Pada tingkat pertama dan kedua derajat luka bakar ringan, penyembuhan adalah dengan tujuan utama. Tingkat dua dan jikal luka bakar sembuh dari epitel folikel rambut sisa-sisa, yang berada dibanyak dalam dermis superfisial. Penyembuhan selesai dalam waktu 5-7 hari dan hampir bekas luka kurang. Ditingkat dua dalam dan luka bakar tingkat tiga, penyembuhan adalah dengan niat sekunder, yang melibatkan proses epithelisasi dan kontraksi. (Gambar 2) Inflamasi (reaktif), proliferasi (reparatif) dan pematangan (renovasi) merupakan tiga fase dalam penyembuhan luka. Ini adalah sama untuk semua jenis luka, yangsatunya perbedaan adalah dalam durasi setiap tahap.

Gambar 2.2: Penyembuhan luka bakar dengan secondary intentiondengan kontraksi dan scar hipertrofi

2.4.1 Fase InflamasiIni adalahs ama di semua luka traumatis segera setelah cedera, respon inflamasi tubuh yang dimulai memiliki pembuluh darah dan komponen seluler (Werner S, 2003). Respon Vascular : Segera setelah luka bakar ada sebuah vasodilatasi lokal dengan ekstravasasi cairan diruang ketiga. Dalam luka bakar yang luas meningkat permeabilitas kapiler dapat digeneralisasi terkemuka ekstravasasi besar cairan plasma membutuhkan pengganti. Respon seluler : Neutrofil dan monosit adalah sel pertama yang bermigrasi di lokasi peradangan. Kemudian pada neutrofil mulai menurun dan digantikan oleh makrofag. Migrasi sel ini di inisiasi olehfaktor chemotactic seperti kalikrein dan peptida fibrin dilepaskan dari proses koagulasi dan zat dilepaskan dari sel mast seperti tumor necrosis faktor, histamin, protease, leukotreins dan sitokin. Respon seluler membantu dalam fagositosis dan pembersihan jaringan yang mati dan racun yang dikeluarkan oleh jaringan terbakar.
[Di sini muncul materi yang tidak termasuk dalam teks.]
(* Let $n,m,\ell$ be integers with $n-1\ge m\ge \ell\ge 0$. Then $$\sum_{j=0}^{n-m-2}\binom{n-m+\ell-3-2j}{\ell-1-j}\,\mathcal Y_n\big(2^{\{m-\ell+1+j\}},1^{\{n-m+\ell-3-2j\}}\big)=\frac{1}{n(m+1)}\binom{n-1}{m}\left(\binom{n}{\ell}-\binom{m+1}{\ell}\right).$$ In particular (case $\ell=1$), $\mathcal Y_n(2^{\{m\}},1^{\{n-m-2\}})=\frac{n-m-1}{n(m+1)}\binom{n-1}{m}$.
   Context: Let $\zeta_n=e^{2\pi\sqrt{-1}/n}$. For integers $s_1,\dots,s_m$, define $\mathfrak Z_n(s_1,\dots,s_m):=\sum_{1\le i_1<\cdots<i_m\le n-1}\prod_{k=1}^{m}(1-\zeta_n^{i_k})^{-s_k}$ (equal to $1$ if $m=0$ and to $0$ if $m>n-1$). Define $\mathcal Y_n(s_1,\dots,s_m):=\sum_{\sigma}\mathfrak Z_n(\sigma)$, where $\sigma$ runs over all distinct sequences obtained by rearranging $(s_1,\dots,s_m)$ (each distinct rearrangement counted once); $\mathcal Y_n$ of the empty sequence is $1$. Notation: $a^{\{k\}}$ denotes the block $a,a,\dots,a$ of length $k$; any term $\mathcal Y_n(\dots)$ in which some block has negative length is interpreted as $0$. Binomial coefficients $\binom{a}{b}$ are $0$ when $b<0$ or $b>a\ge0$. *)

From mathcomp Require Import all_boot all_order all_algebra.
From mathcomp Require Import complex.
From mathcomp Require Import reals trigo.
Set Implicit Arguments. Unset Strict Implicit. Unset Printing Implicit Defensive.
Import GRing.Theory Num.Theory.
Local Open Scope ring_scope.
Local Open Scope complex_scope.

Definition zeta (R : realType) (n : nat) : R[i] :=
  (cos (2 * pi / n%:R))%:C + 'i * (sin (2 * pi / n%:R))%:C.

(* Zrec n s lo = sum over lo <= i_1 < ... < i_m <= n-1 of
   prod_k (1 - zeta^{i_k})^{-s_k}, where s = (s_1,...,s_m). *)
Fixpoint Zrec (R : realType) (n : nat) (s : seq int) (lo : nat) : R[i] :=
  match s with
  | [::] => 1
  | k :: s' => \sum_(lo <= j < n) (1 - zeta R n ^+ j) ^ (- k) * Zrec R n s' j.+1
  end.

Definition Zn (R : realType) (n : nat) (s : seq int) : R[i] := Zrec R n s 1.

(* cal Y_n(s) : sum over distinct rearrangements of s
   ([permutations s] is the duplicate-free list of all permutations of s). *)
Definition Yn (R : realType) (n : nat) (s : seq int) : R[i] :=
  \sum_(t <- permutations s) Zn R n t.

Definition Y21 (R : realType) (n : nat) (a b : int) : R[i] :=
  if (0 <= a) && (0 <= b) then Yn R n (nseq `|a|%N 2%:Z ++ nseq `|b|%N 1%:Z)
  else 0.

(* binomial (a choose b) for integers a, b, as an element of R[i]:
   0 when b < 0 or b > a >= 0.  (Only used with a >= 0 below.) *)
Definition binZ (R : realType) (a b : int) : R[i] :=
  if (0 <= a) && (0 <= b) then ('C(`|a|%N, `|b|%N))%:R else 0.

From mathcomp Require Import all_boot all_order all_algebra.
From mathcomp Require Import complex.
From mathcomp Require Import reals trigo.
From mathcomp Require Import zify ring.
Set Implicit Arguments. Unset Strict Implicit. Unset Printing Implicit Defensive.
Import Order.TTheory GRing.Theory Num.Theory.
Local Open Scope ring_scope.
Local Open Scope complex_scope.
2.4.2 Fase ProliferasiPada luka bakar ketebalan parsial re-epitelisasi dimulai dalam bentuk migrasi keratinosit dari layak kulit unsur tambahan dalam dermis beberapa jam setelah cedera, inibiasanya meliputi luka dalam waktu 5-7 hari. setelah reepithelialization bentuk zona membran basement antara dermis dan epidermis. angiogenesis dan fibrogenesis bantuan dalam dermal pemulihan. Penyembuhan setelah luka bakar eksisi dan grafting.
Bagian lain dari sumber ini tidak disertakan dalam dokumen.